$\newcommand{\Om}{\Omega}\newcommand{\R}{\mathbb R}\newcommand{\de}{\delta}\newcommand{\De}{\Delta}$The question makes sense only if $A^{-1}$ exists, which will be assumed in what follows.
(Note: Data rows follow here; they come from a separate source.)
(* Let $\mathbf T$ be a countable homogeneous tournament and $\mathbf T^*$ an expansion of $\mathbf T$ as in the context. If $\mathrm{Age}(\mathbf T^* )$ has the expansion property relative to $\mathrm{Age}(\mathbf T)$, then for every positive integer $n$, $\mathrm{Age}(I_n[\mathbf T]^* )$ has the expansion property relative to $\mathrm{Age}(I_n[\mathbf T])$, where $I_n[\mathbf T]$ is the reduct of $I_n[\mathbf T]^*$ to $\{E\}$.
   Context: The age $\mathrm{Age}(\mathbf F)$ of a structure $\mathbf F$ is the class of finite structures embeddable in $\mathbf F$. Expansion property: let $L\subseteq L^*$ be relational languages, $\mathcal K$ a class of finite $L$-structures and $\mathcal K^*$ a class of finite $L^*$-structures whose $L$-reducts lie in $\mathcal K$. $\mathcal K^*$ has the expansion property relative to $\mathcal K$ if for every $\mathbf A\in\mathcal K$ there is $\mathbf B\in\mathcal K$ such that for all $\mathbf A^*,\mathbf B^*\in\mathcal K^*$ whose $L$-reducts are $\mathbf A$ and $\mathbf B$ respectively, $\mathbf A^*$ embeds into $\mathbf B^*$. A tournament is a directed graph in which every pair of distinct vertices carries exactly one directed edge; it is homogeneous if every isomorphism between finite substructures extends to an automorphism. $\mathbf T=(T,E^{\mathbf T})$ is a countable homogeneous tournament, and $\mathbf T^*$ is an expansion of $\mathbf T$ to a countable relational language $L_{\mathbf T^*}\supseteq\{E,<\}$ in which $<$ is interpreted as a linear order $<^*$ on $T$. For a positive integer $n$, $[n]=\{0,\dots,n-1\}$. The structure $I_n[\mathbf T]^*$ has universe $[n]\times T$ and language $L_{\mathbf T^*}\cup\{P_0,\dots,P_{n-1}\}$ ($P_i$ new unary symbols), interpreted as: for each $m$-ary $R\in L_{\mathbf T^*}\setminus\{<\}$ (including $E$), $R((k_1,x_1),\dots,(k_m,x_m))$ iff $k_1=\dots=k_m$ and $R^{\mathbf T^*}(x_1,\dots,x_m)$; $(i,x)<(j,y)$ iff $i<j$, or $i=j$ and $x<^*y$; and $P_i=\{i\}\times T$. *)

From Stdlib Require List.
From mathcomp Require Import all_boot.
Set Warnings "-notation-overridden".
Set Implicit Arguments. Unset Strict Implicit. Unset Printing Implicit Defensive.

Record lang := Lang { sym : Type; ar : sym -> nat }.

Record structure (L : lang) := Struct {
  car : Type;
  rel : forall s : sym L, ('I_(ar s) -> car) -> Prop }.
Arguments Struct {L} car rel.
Arguments car {L} _.
Arguments rel {L} _ _ _.

Record fstructure (L : lang) := FStruct {
  fcar : finType;
  frel : forall s : sym L, ('I_(ar s) -> fcar) -> Prop }.
Arguments FStruct {L} fcar frel.
Arguments fcar {L} _.
Arguments frel {L} _ _ _.

Definition struct_of (L : lang) (A : fstructure L) : structure L :=
  @Struct L (fcar A) (frel A).
Coercion struct_of : fstructure >-> structure.

Definition is_embedding (L : lang) (A B : structure L) (f : car A -> car B) :=
  injective f /\
  forall (s : sym L) (x : 'I_(ar s) -> car A), rel A s x <-> rel B s (f \o x).

Definition embeds (L : lang) (A B : structure L) : Prop :=
  exists f : car A -> car B, is_embedding f.

Definition Age (L : lang) (F : structure L) : fstructure L -> Prop :=
  fun A => embeds A F.

Definition reduct (L L' : lang) (i : sym L -> sym L')
  (hi : forall s, ar (i s) = ar s) (A : structure L') : structure L :=
  @Struct L (car A) (fun s x => rel A (i s) (x \o cast_ord (hi s))).

Definition freduct (L L' : lang) (i : sym L -> sym L')
  (hi : forall s, ar (i s) = ar s) (A : fstructure L') : fstructure L :=
  @FStruct L (fcar A) (fun s x => frel A (i s) (x \o cast_ord (hi s))).

Arguments reduct {L L'} i hi A.
Arguments freduct {L L'} i hi A.

Definition expansion_property (L L' : lang) (i : sym L -> sym L')
  (hi : forall s, ar (i s) = ar s)
  (K : fstructure L -> Prop) (Kstar : fstructure L' -> Prop) : Prop :=
  forall A, K A ->
  exists B, K B /\
    forall As Bs, Kstar As -> Kstar Bs ->
      freduct i hi As = A -> freduct i hi Bs = B -> embeds As Bs.

Arguments expansion_property {L L'} i hi K Kstar.

(* Homogeneity: every isomorphism between finite substructures (domain the
   finite set listed by D, map f restricted to D) extends to an automorphism. *)
Definition homogeneous (L : lang) (F : structure L) : Prop :=
  forall (D : list (car F)) (f : car F -> car F),
    (forall x y, List.In x D -> List.In y D -> f x = f y -> x = y) ->
    (forall (s : sym L) (x : 'I_(ar s) -> car F), (forall k, List.In (x k) D) ->
       (rel F s x <-> rel F s (f \o x))) ->
    exists g : car F -> car F,
      bijective g /\
      (forall (s : sym L) (x : 'I_(ar s) -> car F), rel F s x <-> rel F s (g \o x)) /\
      (forall x, List.In x D -> g x = f x).

(* The pair (a,b) as a tuple indexed by 'I_m (meant for m = 2). *)
Definition pair2 (X : Type) (m : nat) (a b : X) : 'I_m -> X :=
  fun k => if nat_of_ord k == 0 then a else b.

Definition LE : lang := @Lang unit (fun _ => 2).

Definition is_tournament (T : Type) (E : T -> T -> Prop) : Prop :=
  (forall x, ~ E x x) /\
  (forall x y, x <> y -> (E x y \/ E y x) /\ ~ (E x y /\ E y x)).

Definition strict_linear_order (T : Type) (lt : T -> T -> Prop) : Prop :=
  (forall x, ~ lt x x) /\
  (forall x y z, lt x y -> lt y z -> lt x z) /\
  (forall x y, x <> y -> lt x y \/ lt y x).

(* The language of I_n[T]^*: L_{T*} together with n new unary symbols P_i. *)
Definition LIn (Lsym : Type) (ar0 : Lsym -> nat) (n : nat) : lang :=
  @Lang (Lsym + 'I_n)%type
        (fun s => match s with inl s0 => ar0 s0 | inr _ => 1 end).

Definition In_star (Lsym : eqType) (ar0 : Lsym -> nat) (sLt : Lsym)
  (T : Type) (Rs : forall s : Lsym, ('I_(ar0 s) -> T) -> Prop) (n : nat)
  : structure (LIn ar0 n) :=
  let lexlt (p q : 'I_n * T) : Prop :=
      (p.1 < q.1)%N \/ (p.1 = q.1 /\ Rs sLt (pair2 p.2 q.2)) in
  @Struct (LIn ar0 n) ('I_n * T)%type
    (fun s => match s as s' return ('I_(@ar (LIn ar0 n) s') -> 'I_n * T) -> Prop with
     | inl s0 => fun z =>
         if s0 == sLt then
           exists p q, (forall k, z k = pair2 p q k) /\ lexlt p q
         else
           (forall k k', (z k).1 = (z k').1) /\ Rs s0 (fun k => (z k).2)
     | inr i => fun z => forall k, (z k).1 = i
     end).

(* Let I := I_n[T]^* and I_E its reduct to {E}.  A structure in Age(I_E) is a disjoint union of
   at most n pieces, each in Age(T_E), with no edges between pieces.  Given A in Age(I_E):
   - for every subset C of A we take a witness B_C of the expansion property of T for A|C, and
     collect the images of all B_C in a single finite S of T (a "common witness", which by
     monotonicity of witnesses works for every C at once);
   - the witness for A is I_n[S], the substructure n x S of I_E.
   For expansions A^*, B^* of A and I_n[S] inside I, let a, b be their embeddings into I.  Since
   S is a tournament, b maps each block j x S into a single block sigma(j) of I, and sigma is a
   permutation of the n blocks.  For each block i of I, the part of A sent by a into block i is
   some A|C, and the expansion property of T embeds it (with the structure induced by a) into
   sigma^-1(i) x S (with the structure induced by b).  Gluing these block maps gives a map that
   preserves blocks and, within a block, the T^*-relations; the relations of I_n[T]^* are
   determined by exactly these data, so the glued map is the required embedding. *)

From Stdlib Require Import ClassicalEpsilon FunctionalExtensionality PropExtensionality Classical.
Set Warnings "-notation-overridden".
From mathcomp Require Import all_boot.

Set Implicit Arguments.
Unset Strict Implicit.
Unset Printing Implicit Defensive.

(* The structure induced on a finite type X by a map e into F.  When e is injective this is
   the substructure of F on the image of e. *)
Definition pullback (L : lang) (F : structure L) (X : finType) (e : X -> car F)
  : fstructure L := @FStruct L X (fun s x => rel F s (e \o x)).
Arguments pullback {L} F {X} e.

Lemma pullback_embedding (L : lang) (F : structure L) (X : finType) (e : X -> car F) :
  injective e -> is_embedding (A := pullback F e) (B := F) e.
Proof. by move=> e_inj; split=> // s x. Qed.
For $x\in\Om$, let $f(x):=[f_1(x),\ldots,f_n(x)]^\top$, so that $f$ is a random vector in $\R^n$ defined on the probability space $(\Om,P)$, where $P$ is the Lebesgue measure over $\Om$, and $Eff^\top=A=EA_N$. We will assume that the vector function $f$ can be continuously extended to the closure of $\Om$.
Let $g:=A^{-1/2}f$. Then $Egg^\top=I_n$, where $I_n$ is the $n\times n$ identity matrix, and \begin{equation*} A_N=A^{1/2}B_N A^{1/2}, \end{equation*} where \begin{equation*} B_N:=\frac1N\,\sum_{k=1}^N X_k \tag{0}\label{0} \end{equation*} and $X_k$ is the $n\times n$ random matrix with entries $(X_k)_{ij}=g_i(x_k)g_j(x_k)$ for $i,j=1,\dots,n$.
So, considering $w:=A^{-1/2}v$, rewrite your condition $|v^T(A^{-1}-A_N^{-1})v|\leq C v^TA^{-1}v$ as \begin{equation*} \|B_N^{-1}-I_n\|\le C, \tag{10}\label{10} \end{equation*} where $\|\cdot\|$ is the spectral matrix norm. Letting \begin{equation*} \De_N:=B_N-I_n, \end{equation*} we have $B_N^{-1}-I_n=-B_N^{-1}\De_N$ and hence $\|B_N^{-1}-I_n\|\le\|B_N^{-1}\|\,\|\De_N\|$. Moreover, if $\|\De_N\|<1$, then \begin{equation*} B_N^{-1}=(I_n+\De_N)^{-1}=I_n-\De_N+\De_N^2-\cdots \end{equation*} and hence \begin{equation*} \|B_N^{-1}\|\le1+\|\De_N\|+\|\De_N\|^2+\cdots=\frac1{1-\|\De_N\|}. \end{equation*} So, $\|B_N^{-1}-I_n\|\le\|B_N^{-1}\|\,\|\De_N\|\le\frac{\|\De_N\|}{1-\|\De_N\|}$, and therefore \eqref{10} is implied by \begin{equation*} \|\De_N\|\le\de:=\frac C{1+C}. \tag{20}\label{20} \end{equation*}
It remains to show that inequality \eqref{20} happens "with high probability". Toward this end, note that $X_1,\dots,X_N$ are i.i.d. random matrices such that $EX_k=I_n$ and $\|X_k-I_n\|\le M$ for some real $M>0$ (because of the assumption that $f$ can be continuously extended to the closure of $\Om$). So, by Theorem 3.4 with $a=M$, $b=M\sqrt{N}$, $D=1$, and $r=N\de$, we have \begin{equation} P(\|\De_N\|\ge\de) =P\Big(\Big\|\frac1N\,\sum_{k=1}^N (X_k-EX_k)\Big\|\ge\de\Big) \le2\exp(-N\psi(\de/M)), \end{equation} where $\psi(u):=-u+(u+1)\ln(u+1)>0$ for real $u>0$ (and $\psi(u)\sim u^2/2$ as $u\to0$).
Thus, inequality \eqref{20} does happen with "high probability" $\ge1-2\exp(-N\psi(\de/M))$ (which does not directly depend on $n$ or $d$). $\quad\Box$.